Lemma dotBr x y w : dot w (x - y) = dot w x - dot w y.
Proof. by rewrite dotC dotBl !(dotC w). Qed.

Lemma dot_delta i x : dot (delta_mx 0 i) x = x ord0 i.
Proof.
rewrite /dot (bigD1 i) //= mxE !eqxx mul1r big1 ?addr0 // => j ji.
by rewrite mxE (negbTE ji) andbF mul0r.
Qed.

Lemma dot_ge0 x : 0 <= dot x x.
Proof. by apply: sumr_ge0 => i _; rewrite -expr2 sqr_ge0. Qed.

Lemma dot_eq0 x : dot x x = 0 -> x = 0.
Proof.
move=> /eqP; rewrite psumr_eq0 => [/allP x0|i _]; last by rewrite -expr2 sqr_ge0.
apply/rowP => i; rewrite mxE; apply/eqP.
by rewrite -sqrf_eq0 expr2; apply: (implyP (x0 i (mem_index_enum _))).
Qed.

Lemma dot_sqr_le x y : dot x y ^+ 2 <= dot x x * dot y y.
Proof.
have [/dot_eq0 ->|y0] := eqVneq (dot y y) 0.
  by rewrite -[0 : 'rV_n](scale0r 0) dotZr dotZl !mul0r expr0n mulr0.
have ypos : 0 < dot y y by rewrite lt_def y0 dot_ge0.
have := dot_ge0 (dot y y *: x - dot x y *: y).
rewrite !(dotBl, dotBr, dotZl, dotZr) (dotC y x) => h.
have : 0 <= dot y y * (dot y y * dot x x - dot x y ^+ 2) by lra.
by rewrite pmulr_rge0 // subr_ge0 mulrC.
Qed.

Lemma enorm_sqr x : enorm x ^+ 2 = dot x x.
Proof.
rewrite /enorm sqr_sqrtr; last by apply: sumr_ge0 => i _; rewrite sqr_ge0.
by apply: eq_bigr => i _; rewrite expr2.
Qed.

Lemma enorm_ge0 x : 0 <= enorm x.
Proof. exact: sqrtr_ge0. Qed.

Lemma dot_le_enorm x y : dot x y <= enorm x * enorm y.
Proof.
apply: le_trans (ler_norm _) _.
rewrite -ler_sqr ?nnegrE ?mulr_ge0 ?enorm_ge0 //.
by rewrite real_normK ?num_real // exprMn !enorm_sqr dot_sqr_le.
Qed.

Lemma enormD x y : enorm (x + y) <= enorm x + enorm y.
Proof.
rewrite -ler_sqr ?nnegrE ?addr_ge0 ?enorm_ge0 // enorm_sqr sqrrD !enorm_sqr.
rewrite !dotDl ![dot _ (x + y)]dotC !dotDl (dotC x y).
have := dot_le_enorm y x; lra.
Qed.

Lemma enormZ k x : enorm (k *: x) = `|k| * enorm x.
Proof.
apply: (@pexpIrn _ 2); rewrite ?nnegrE ?mulr_ge0 ?enorm_ge0 //.
by rewrite exprMn !enorm_sqr dotZl dotZr mulrA -expr2 real_normK ?num_real.
Qed.

Lemma enormN x : enorm (- x) = enorm x.
Proof. by rewrite -scaleN1r enormZ normrN1 mul1r. Qed.

Lemma enorm_eq0 x : (enorm x == 0) = (x == 0).
Proof.
apply/eqP/eqP => [x0|->]; last by rewrite -(scale0r 0) enormZ normr0 mul0r.
by apply: dot_eq0; rewrite -enorm_sqr x0 expr0n.
Qed.

Lemma enorm_delta i : enorm (delta_mx 0 i : 'rV[R]_n) = 1.
Proof.
apply: (@pexpIrn _ 2); rewrite ?nnegrE ?enorm_ge0 //.
by rewrite enorm_sqr dot_delta mxE !eqxx expr1n.
Qed.

Lemma mx_norm_le_enorm x : `|x| <= enorm x.
Proof.
rewrite (_ : `|x| = mx_norm x) // mx_normrE; apply/bigmax_leP; split=> [|[i j] _ /=].
  exact: enorm_ge0.
rewrite ord1 -ler_sqr ?nnegrE ?enorm_ge0 // enorm_sqr real_normK ?num_real //.
rewrite /dot (bigD1 j) //= expr2 lerDl.
by apply: sumr_ge0 => k _; rewrite -expr2 sqr_ge0.
Qed.

Lemma enorm_le_mx_norm x : enorm x <= n.+1%:R * `|x|.
Proof.
rewrite -ler_sqr ?nnegrE ?mulr_ge0 ?enorm_ge0 // enorm_sqr.
have coord_le i : x ord0 i * x ord0 i <= `|x| ^+ 2.
  rewrite -expr2 -real_normK ?num_real // ler_sqr ?nnegrE //.
  by rewrite (_ : `|x| = mx_norm x) // mx_normrE; apply/bigmax_geP; right; exists (ord0, i).
apply: le_trans (ler_sum _ (fun i _ => coord_le i)) _.
rewrite sumr_const card_ord exprMn -[X in X <= _]mulr_natl ler_wpM2r ?sqr_ge0 //.
by rewrite -natrX ler_nat expnS (leq_trans (leqnSn n)) // leq_pmulr.
Qed.

Lemma edistC x y : edist x y = edist y x.
Proof. by rewrite /edist -opprB enormN. Qed.

Lemma le_edist_triangle x y w : edist x w <= edist x y + edist y w.
Proof. by rewrite /edist -(subrKA y); apply: enormD. Qed.

End Euclidean.

Section Boundary.
Variables (R : realType) (n : nat).
Implicit Types (x y z p q : 'rV[R]_n) (D : set 'rV[R]_n).

Lemma open_edist_ball D z : open D -> D z ->
  exists2 e : R, 0 < e & forall y, edist y z < e -> D y.
Proof.
rewrite openE => oD Dz; have /nbhs_ballP[e e0 sub] := oD z Dz.
exists e => // y yz; apply: sub; rewrite -ball_normE /ball_ /=.
by apply: le_lt_trans (mx_norm_le_enorm _) _; rewrite -/(edist z y) edistC.
Qed.

Lemma bdry_notin D x : open D -> bdry D x -> ~ D x.
Proof. by rewrite openE => oD [_ nIx] Dx; apply: nIx; apply: oD. Qed.

Lemma closed_bdry D : closed (bdry D).
Proof. by apply: closedI; [exact: closed_closure | exact/open_closedC/open_interior]. Qed.

(* Otherwise the trace of the connected segment on D would be relatively clopen,
   being also its trace on closure D. *)
Lemma segment_meets_bdry D p q : open D -> D p -> ~ D q ->
  exists2 t : R, 0 <= t <= 1 & bdry D (p + t *: (q - p)).
Proof.
move=> oD Dp nDq; apply: contrapT => nomeet.
pose g t : 'rV[R]_n := p + t *: (q - p).
have g_cont : continuous g.
  by move=> t; apply: cvgD; [exact: cvg_cst | exact: scalel_continuous].
have cS : connected (g @` `[0, 1]).
  apply: connected_continuous_connected; first exact: segment_connected.
  exact/continuous_subspaceT.
have S_in_D : g @` `[0, 1] `&` D = g @` `[0, 1].
  apply: cS.
  - exists p; split => //; exists 0; first by rewrite /= in_itv /= lexx ler01.
    by rewrite /g scale0r addr0.
  - by exists D.
  - exists (closure D); first exact: closed_closure.
    apply/seteqP; split => x [Sx Dx]; split => //; first exact: subset_closure.
    apply: contrapT => nDx; apply: nomeet; case: Sx => t t01 gt.
    exists t; first by move: t01; rewrite /= in_itv.
    by rewrite -/(g t) gt; split => // /interior_subset.
have : (g @` `[0, 1]) q.
  by exists 1; [rewrite /= in_itv /= lexx ler01 | rewrite /g scale1r addrC subrK].
by rewrite -S_in_D => -[].
Qed.

Lemma edist_continuous z : continuous (edist z).
Proof.
move=> x; apply/(@cvgrPdist_lt _ _ _ (nbhs x) (nbhs_filter _)) => e e0.
apply/nbhs_ballP; exists (e / n.+1%:R); first by rewrite /= divr_gt0.
move=> y; rewrite -ball_normE /ball_ /= => xy.
have exy : edist x y < e.
  by apply: le_lt_trans (enorm_le_mx_norm _) _; rewrite mulrC -ltr_pdivlMr.
have := le_edist_triangle z x y; have := le_edist_triangle z y x.
rewrite (edistC y x) ltr_norml; lra.
Qed.

Lemma exists_nearest_bdry D z : bdry D !=set0 ->
  exists2 a, bdry D a & forall y, bdry D y -> edist z a <= edist z y.
Proof.
move=> [y1 By1].
pose K := bdry D `&` (edist z @^-1` [set r | r <= edist z y1]).
have K0 : K !=set0 by exists y1; split => /=.
have cK : compact K.
  apply: bounded_closed_compact.
    exists (enorm z + edist z y1); split; first exact: num_real.
    move=> M zM y [_ Ky]; apply: le_trans (mx_norm_le_enorm _) _.
    have := le_edist_triangle y z 0.
    rewrite [edist y 0]/edist [edist z 0]/edist !subr0 (edistC y z).
    by move: Ky zM => /= Ky zM; lra.
  apply: closedI; first exact: closed_bdry.
  apply: preimage_closed; last exact: closed_le.
  by move=> x _; apply: edist_continuous.
have [a Ka amin] := EVT_min_rV K0 cK (continuous_subspaceT (@edist_continuous z)).
move: Ka; rewrite inE => -[Ba _]; exists a => // y By.
have [yy1|y1y] := leP (edist z y) (edist z y1); first by apply: amin; rewrite inE.
by apply: le_trans (ltW y1y); apply: amin; rewrite inE; split => /=.
Qed.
▬▬▬▬▬▬
### YOUR INSTRUCTIONS:
Of all the lines in the records, how many have the word "trace"? Write only the number.

### REPLY:
2